Speedup for different values of P and n:

Parallelizable fraction P n=2 n=4 n=8 n=16 n=64 n=256 n=∞
0.50 1.33 1.60 1.78 1.88 1.97 1.99 2.00
0.75 1.60 2.29 2.91 3.37 3.76 3.94 4.00
0.90 1.82 3.08 4.71 6.40 8.77 9.61 10.00
0.95 1.90 3.48 5.93 9.14 15.42 18.28 20.00
0.99 1.98 3.88 7.48 13.91 39.26 72.12 100.00

Implication

The sequential portion is the ultimate bottleneck for parallel speedup. When optimizing parallel programs, the priority should be reducing the sequential fraction rather than blindly adding more processors.

Gustafson's Law

Gustafson's Law considers parallel speedup from a different perspective: with a fixed execution time, increasing the number of processors allows solving larger-scale problems.

Formula:

\[S(n) = n - \alpha(n - 1)\]

Where:

  • \(n\): Number of processors
  • \(\alpha\): The fraction of the program that is sequential

Amdahl vs Gustafson: Different Perspectives

  • Amdahl's Law: Fixed problem size, add processors → Strong Scaling
  • Gustafson's Law: Fixed execution time, increase problem size → Weak Scaling
Dimension Amdahl's Law Gustafson's Law
Fixed quantity Problem size Execution time
Scaling type Strong Scaling Weak Scaling
Assumption Problem size stays the same; add processors More processors solve larger problems
Conclusion Speedup has an upper bound Speedup can grow linearly with n
Applicable scenarios Real-time systems, latency-sensitive tasks Scientific simulations, large-scale data processing

Performance Metrics

  • Speedup: \(S(n) = \frac{T_1}{T_n}\), where \(T_1\) is the sequential execution time and \(T_n\) is the parallel execution time with \(n\) processors
  • Efficiency: \(E(n) = \frac{S(n)}{n}\); ideally \(E = 1\) (i.e., 100%), but in practice \(E < 1\)
  • Scalability: Whether a program can maintain good efficiency as the number of processors increases
Metric Ideal value Meaning
Speedup \(S(n) = n\) Linear speedup: doubling processors doubles speed
Efficiency \(E = 1\) Every processor is fully utilized
Scalability Efficiency does not decrease with n The system can efficiently utilize more resources

Parallel Programming Models

Shared Memory Model

Characteristics: Multiple threads share the same address space and communicate by reading and writing shared variables.

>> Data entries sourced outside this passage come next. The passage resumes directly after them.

(* A commutative semigroup variety $\mathcal V$ equals $\mathcal C_m$ for some integer $m\ge0$ if and only if $\mathcal V$ is combinatorial and, for all commutative semigroup varieties $\mathcal Y,\mathcal Z$ with $\mathcal Y$ a nil-variety and $\mathcal V=\mathcal Y\vee\mathcal Z$, one has $\mathcal V=\mathcal Z$.
   Context: For $m\ge1$, $\mathcal C_m=\operatorname{var}\{x^m=x^{m+1},\ xy=yx\}$, the variety generated by the cyclic monoid $\langle a\mid a^m=a^{m+1}\rangle$; $\mathcal C_0$ is the trivial variety. A semigroup variety is combinatorial if all groups in it are trivial; it is a nil-variety if all its semigroups are nil-semigroups. Joins are in the lattice of commutative semigroup varieties. *)

From Stdlib Require Import List Arith.
Import ListNotations.

Record semigroup := Semigroup {
  carrier :> Type;
  sg_op : carrier -> carrier -> carrier;
  sg_assoc : forall x y z, sg_op x (sg_op y z) = sg_op (sg_op x y) z;
  sg_inh : carrier
}.

Definition commutative_sg (S : semigroup) : Prop :=
  forall x y : S, sg_op S x y = sg_op S y x.

(* A semigroup word over variables x_0, x_1, ...: a nonempty list of
   variables, represented as (first letter, remaining letters). *)
Definition word := (nat * list nat)%type.
Definition identity := (word * word)%type.

Definition eval_word (S : semigroup) (f : nat -> S) (w : word) : S :=
  fold_left (fun acc i => sg_op S acc (f i)) (snd w) (f (fst w)).

Definition satisfies (S : semigroup) (e : identity) : Prop :=
  forall f : nat -> S, eval_word S f (fst e) = eval_word S f (snd e).

(* A commutative semigroup variety is given by a set of defining identities
   (together with xy = yx, which is built into membership). *)
Definition cvariety := identity -> Prop.

Definition inV (V : cvariety) (S : semigroup) : Prop :=
  commutative_sg S /\ forall e, V e -> satisfies S e.

Definition veq (V W : cvariety) : Prop :=
  forall S : semigroup, inV V S <-> inV W S.

(* Join in the lattice of commutative semigroup varieties: the variety
   defined by all identities holding in both (= var(Y u Z), by Birkhoff). *)
Definition vjoin (Y Z : cvariety) : cvariety :=
  fun e => (forall S, inV Y S -> satisfies S e) /\ (forall S, inV Z S -> satisfies S e).

(* x^n as a word: x_0 repeated n times (n >= 1). *)
Definition xpow (n : nat) : word := (0, repeat 0 (n - 1)).

(* C_m = var{x^m = x^{m+1}, xy = yx} for m >= 1; C_0 = trivial variety (x = y). *)
Definition Cvar (m : nat) : cvariety :=
  fun e => match m with
           | 0 => e = ((0, []), (1, []))
           | _ => e = (xpow m, xpow (Datatypes.S m))
           end.

Definition is_group (S : semigroup) : Prop :=
  exists u : S, (forall x : S, sg_op S u x = x /\ sg_op S x u = x) /\
    (forall x : S, exists y : S, sg_op S x y = u /\ sg_op S y x = u).

Definition trivial_sg (S : semigroup) : Prop := forall x y : S, x = y.

Definition combinatorial (V : cvariety) : Prop :=
  forall S, inV V S -> is_group S -> trivial_sg S.

(* x^n for n >= 1: spow S x n = x^(n+1) *)
Fixpoint spow (T : semigroup) (x : T) (n : nat) : T :=
  match n with
  | 0 => x
  | Datatypes.S k => sg_op T (spow T x k) x
  end.

Definition nil_sg (S : semigroup) : Prop :=
  exists z : S, (forall x : S, sg_op S z x = z /\ sg_op S x z = z) /\
    (forall x : S, exists n, spow S x n = z).

Definition nil_variety (V : cvariety) : Prop := forall S, inV V S -> nil_sg S.

From Stdlib Require Import List Arith Lia ZArith Classical ClassicalEpsilon
  FunctionalExtensionality ProofIrrelevance.
Import ListNotations.

(* A combinatorial V satisfies x^(m+1) = x^(m+2) for some m: an identity of V
   with unbalanced letter counts yields x^A = x^B with A <> B, and the cyclic
   group at the tail of every monogenic subsemigroup must then be trivial.
   Let k be such that the cyclic monoid N_k = <a | a^k = a^(k+1)> lies in V but
   N_(k+1) does not; then f s^k = f s^(k+1) for every idempotent f of a member
   of V. Let Y be the nil subvariety of V defined by x^(m+1) y = x^(m+1). An
   element of S in V is determined by its image in the Rees quotient of S by
   the ideal generated by the idempotents, which lies in Y, together with its
   products with idempotents, which are controlled by C_k; hence V = Y v C_k
   and the hypothesis gives V = C_k.
   Conversely, if V = C_m = Y v Z with Y nil, say x^n y = x^n in Y, then for
   every identity u = v of Z the identity u z^n = v z^n holds in Y and in Z,
   hence in C_m; choosing z distinct from x_i shows that u and v have the same
   x_i-count truncated at m, so u = v holds in C_m. *)

Definition letters (w : word) : list nat := fst w :: snd w.
Definition occ (w : word) (i : nat) : nat := count_occ Nat.eq_dec (letters w) i.
Definition word_app (u t : word) : word := (fst u, snd u ++ letters t).

Lemma sig_ext {A : Type} {P : A -> Prop} (a b : {x | P x}) :
  proj1_sig a = proj1_sig b -> a = b.
Proof. apply eq_sig_hprop. intros; apply proof_irrelevance. Qed.

Section AdjoinedIdentity.
Variable T : semigroup.

(* The monoid T^1, with [None] as the adjoined identity. *)
Definition mul1 (a b : option T) : option T :=
  match a, b with
  | None, _ => b
  | _, None => a
  | Some x, Some y => Some (sg_op T x y)
  end.

Lemma mul1_assoc a b c : mul1 a (mul1 b c) = mul1 (mul1 a b) c.
Proof. destruct a, b, c; simpl; auto. f_equal; apply sg_assoc. Qed.

Lemma mul1_1l a : mul1 None a = a.
Proof. reflexivity. Qed.

Lemma mul1_1r a : mul1 a None = a.
Proof. destruct a; reflexivity. Qed.

Lemma mul1_Some x y : mul1 (Some x) (Some y) = Some (sg_op T x y).
Proof. reflexivity. Qed.

Arguments mul1 : simpl never.

Definition pow1 (g : T) (n : nat) : option T :=
  match n with 0 => None | S n' => Some (spow T g n') end.

Lemma pow1_succ g n : pow1 g (S n) = mul1 (pow1 g n) (Some g).
Proof. destruct n; reflexivity. Qed.

Lemma pow1_add g a b : pow1 g (a + b) = mul1 (pow1 g a) (pow1 g b).
Proof.
  induction b as [|b IHb].
  - rewrite Nat.add_0_r, mul1_1r. reflexivity.
  - rewrite Nat.add_succ_r, !pow1_succ, IHb, mul1_assoc. reflexivity.
Qed.

Lemma mul1_idempotent_pow1 f n : sg_op T f f = f -> mul1 (Some f) (pow1 f n) = Some f.
Proof.
  intros Hf. induction n as [|n IHn]; [apply mul1_1r|].
  rewrite pow1_succ, mul1_assoc, IHn, mul1_Some, Hf. reflexivity.
Qed.

Lemma mul1_pow1_stable t s a :
  mul1 t (pow1 s a) = mul1 t (pow1 s (S a)) ->
  forall c, a <= c -> mul1 t (pow1 s c) = mul1 t (pow1 s a).
Proof.
  intros H c Hc. induction Hc as [|c _ IHc]; [reflexivity|].
  rewrite pow1_succ, mul1_assoc, IHc, <- mul1_assoc, <- pow1_succ. symmetry; exact H.
Qed.

Lemma pow1_stable s a : pow1 s a = pow1 s (S a) -> forall c, a <= c -> pow1 s c = pow1 s a.
Proof. exact (mul1_pow1_stable None s a). Qed.

(* The sequence n |-> t s^n is ultimately constant; once it repeats a value it is
   periodic, and a periodic, ultimately constant sequence is constant. *)
Lemma mul1_pow1_eq_stable t s m a b : pow1 s m = pow1 s (S m) -> a < b ->
  mul1 t (pow1 s a) = mul1 t (pow1 s b) -> mul1 t (pow1 s a) = mul1 t (pow1 s (S a)).
Proof.
  intros Hm Hab E.
  set (F n := mul1 t (pow1 s n)).
  assert (Hshift : forall c, F (a + c) = F (b + c)).
  { intros c. unfold F. rewrite !pow1_add, !mul1_assoc, E. reflexivity. }
  assert (Hper : forall n c, F (a + c) = F (a + c + n * (b - a))).
  { intros n c. induction n as [|n IHn]; [f_equal; lia|].
    rewrite IHn. replace (a + c + S n * (b - a)) with (b + (c + n * (b - a))) by lia.
    rewrite <- Hshift. f_equal; lia. }
  assert (Hlate : forall n, m <= n -> F n = F (S n)).
  { intros n Hn. unfold F.
    rewrite (pow1_stable s m Hm n Hn), (pow1_stable s m Hm (S n)) by lia. reflexivity. }
  change (F a = F (S a)).
  rewrite <- (Nat.add_0_r a) at 1. rewrite (Hper m 0).
  replace (S a) with (a + 1) by lia. rewrite (Hper m 1).
  replace (a + 1 + m * (b - a)) with (S (a + 0 + m * (b - a))) by lia.
  apply Hlate. nia.
Qed.

Lemma mul1_pow1_eq_min t s m k a b : pow1 s m = pow1 s (S m) ->
  mul1 t (pow1 s k) <> mul1 t (pow1 s (S k)) ->
  mul1 t (pow1 s a) = mul1 t (pow1 s b) -> Nat.min a (S k) = Nat.min b (S k).
Proof.
  intros Hm Hk.
  enough (H : forall a b, a < b -> mul1 t (pow1 s a) = mul1 t (pow1 s b) ->
                 Nat.min a (S k) = Nat.min b (S k)).
  { intros E. destruct (Nat.lt_total a b) as [Hab|[->|Hab]]; auto.
    symmetry. apply H; auto. }
  intros a' b' Hab E. destruct (Nat.le_gt_cases (S k) a'); [lia|].
  exfalso. apply Hk.
  assert (Hst := mul1_pow1_stable t s a' (mul1_pow1_eq_stable t s m a' b' Hm Hab E)).
  rewrite (Hst k), (Hst (S k)) by lia. reflexivity.
Qed.

Definition prod1 (f : nat -> T) (l : list nat) : option T :=
  fold_right (fun i r => mul1 (Some (f i)) r) None l.

Lemma fold_left_mul f l a :
  Some (fold_left (fun acc i => sg_op T acc (f i)) l a) = mul1 (Some a) (prod1 f l).
Proof.
  revert a; induction l as [|i l IHl]; intros a; [reflexivity|].
  cbn [fold_left]. rewrite IHl. unfold prod1; cbn [fold_right].
  rewrite mul1_assoc. reflexivity.
Qed.

Lemma eval_word_prod1 f w : Some (eval_word T f w) = prod1 f (letters w).
Proof. unfold eval_word, letters. rewrite fold_left_mul. reflexivity. Qed.

Lemma prod1_app f l1 l2 : prod1 f (l1 ++ l2) = mul1 (prod1 f l1) (prod1 f l2).
Proof.
  induction l1 as [|i l1 IHl1]; [reflexivity|].
  unfold prod1 in *; simpl. rewrite IHl1, mul1_assoc. reflexivity.
Qed.

Fixpoint prod_counts (g : nat -> T) (c : nat -> nat) (N : nat) : option T :=
  match N with
  | 0 => None
  | S N' => mul1 (prod_counts g c N') (pow1 (g N') (c N'))
  end.

Lemma prod_counts_ext g c c' N :
  (forall i, i < N -> c i = c' i) -> prod_counts g c N = prod_counts g c' N.
Proof.
  induction N as [|N IHN]; intros H; simpl; auto.
  rewrite IHN, H by (auto; intros; apply H; lia). reflexivity.
Qed.

Hypothesis Tcomm : commutative_sg T.

Lemma mul1_comm a b : mul1 a b = mul1 b a.
Proof. destruct a, b; unfold mul1; auto. f_equal; apply Tcomm. Qed.

Lemma prod_counts_incr g c c' x N : x < N -> c' x = S (c x) ->
  (forall i, i <> x -> c' i = c i) ->
  prod_counts g c' N = mul1 (Some (g x)) (prod_counts g c N).
Proof.
  induction N as [|N IHN]; intros Hx H1 H2; [lia|].
  simpl. destruct (Nat.eq_dec x N) as [->|Hne].
  - rewrite (prod_counts_ext g c' c) by (intros; apply H2; lia).
    rewrite H1, pow1_succ, (mul1_comm (pow1 _ _) (Some _)), !mul1_assoc,
      (mul1_comm _ (Some _)).
    reflexivity.
  - rewrite IHN, H2, mul1_assoc by (auto; lia). reflexivity.
Qed.

Lemma prod1_prod_counts g l N : Forall (fun x => x < N) l ->
  prod1 g l = prod_counts g (count_occ Nat.eq_dec l) N.
Proof.
  induction l as [|x l IHl]; intros H; simpl.
  - induction N as [|N IHN]; [reflexivity|]. simpl. rewrite <- IHN by constructor.
    reflexivity.
  - inversion H; subst. rewrite IHl by auto.
    symmetry. apply prod_counts_incr; auto.
    + destruct (Nat.eq_dec x x); [reflexivity|congruence].
    + intros i Hi. destruct (Nat.eq_dec x i); [congruence|reflexivity].
Qed.

Lemma mul1_prod_counts_congr g a b t N :
  (forall i, i < N -> mul1 t (pow1 (g i) (a i)) = mul1 t (pow1 (g i) (b i))) ->
  mul1 t (prod_counts g a N) = mul1 t (prod_counts g b N).
Proof.
  induction N as [|N IHN]; intros H; simpl; auto.
  rewrite !mul1_assoc, IHN by (intros; apply H; lia).
  rewrite <- !mul1_assoc, (mul1_comm (prod_counts _ _ _)), !mul1_assoc, H by lia.
  rewrite <- !mul1_assoc, (mul1_comm (pow1 _ _) (prod_counts _ _ _)). reflexivity.
Qed.

Lemma mul1_prod_counts_absorb g c t N :
  (forall i, i < N -> mul1 t (pow1 (g i) (c i)) = t) -> mul1 t (prod_counts g c N) = t.
Proof.
  induction N as [|N IHN]; intros H; simpl; [apply mul1_1r|].
  rewrite mul1_assoc, IHN by (intros; apply H; lia). apply H; lia.
Qed.

Lemma mul1_prod_counts_single g c t N i : i < N ->
  (forall j, j < N -> j <> i -> mul1 t (pow1 (g j) (c j)) = t) ->
  mul1 t (prod_counts g c N) = mul1 t (pow1 (g i) (c i)).
Proof.
  induction N as [|N IHN]; intros Hi H; simpl; [lia|].
  destruct (Nat.eq_dec i N) as [->|Hne].
  - rewrite mul1_assoc, mul1_prod_counts_absorb; auto.
    intros; apply H; lia.
  - rewrite mul1_assoc, IHN by (auto; try lia; intros; apply H; lia).
    rewrite <- mul1_assoc, (mul1_comm (pow1 _ _)), mul1_assoc, H by lia. reflexivity.
Qed.

Lemma eval_word_prod_counts g w N : list_max (letters w) < N ->
  Some (eval_word T g w) = prod_counts g (occ w) N.
Proof.
  intros HN. rewrite eval_word_prod1. apply prod1_prod_counts.
  apply list_max_lt; [discriminate|exact HN].
Qed.

Lemma mul1_eval_word_congr (g : nat -> T) u v t :
  (forall i, mul1 t (pow1 (g i) (occ u i)) = mul1 t (pow1 (g i) (occ v i))) ->
  mul1 t (Some (eval_word T g u)) = mul1 t (Some (eval_word T g v)).
Proof.
  intros H. set (N := S (list_max (letters u) + list_max (letters v))).
  rewrite (eval_word_prod_counts g u N), (eval_word_prod_counts g v N) by (unfold N; lia).
  apply mul1_prod_counts_congr. intros i _; apply H.
Qed.

Lemma mul1_eval_word_idempotent f s i w : sg_op T f f = f ->
  mul1 (Some f) (Some (eval_word T (fun x => if Nat.eq_dec x i then s else f) w)) =
  mul1 (Some f) (pow1 s (occ w i)).
Proof.
  intros Hf. set (N := S (i + list_max (letters w))).
  rewrite (eval_word_prod_counts _ w N) by (unfold N; lia).
  rewrite (mul1_prod_counts_single _ _ _ N i).
  - destruct (Nat.eq_dec i i); [reflexivity|congruence].
  - unfold N; lia.
  - intros j _ Hj. destruct (Nat.eq_dec j i); [congruence|].
    apply mul1_idempotent_pow1, Hf.
Qed.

┌─────────────────────────────────────┐
│         Shared Memory Space         │
│   ┌───┐  ┌───┐  ┌───┐  ┌───┐      │
│   │ A │  │ B │  │ C │  │ D │ ...   │
│   └───┘  └───┘  └───┘  └───┘      │
└────┬───────┬───────┬───────┬───────┘
     │       │       │       │
  Thread0  Thread1 Thread2 Thread3

OpenMP

OpenMP is a shared-memory parallel programming API based on compiler directives. It achieves parallelization through #pragma directives and is straightforward to use.

Vector addition example:

#include <stdio.h>
#include <omp.h>

#define N 1000000

int main() {
    double a[N], b[N], c[N];

    // Initialization
    for (int i = 0; i < N; i++) {
        a[i] = i * 1.0;
        b[i] = i * 2.0;
    }

    // OpenMP parallel vector addition
    #pragma omp parallel for
    for (int i = 0; i < N; i++) {
        c[i] = a[i] + b[i];
    }

    printf("c[0] = %f, c[N-1] = %f\n", c[0], c[N-1]);
    return 0;
}

Compilation

gcc -fopenmp vector_add.c -o vector_add

Common OpenMP directives:

Directive Function
#pragma omp parallel Create a parallel region
#pragma omp parallel for Parallelize a for loop
#pragma omp critical Critical section: only one thread may execute at a time
#pragma omp atomic Atomic operation
#pragma omp barrier Synchronization barrier
#pragma omp reduction(+:sum) Reduction operation

Pros and cons:

Pros Cons
Simple to program; incremental parallelization Limited to a single machine (single node)
Minimal code changes via compiler directives Must guard against data races
Supports C/C++/Fortran Scalability limited by the number of cores on a single machine

Distributed Memory Model

Characteristics: Each node has its own independent memory; nodes communicate via message passing.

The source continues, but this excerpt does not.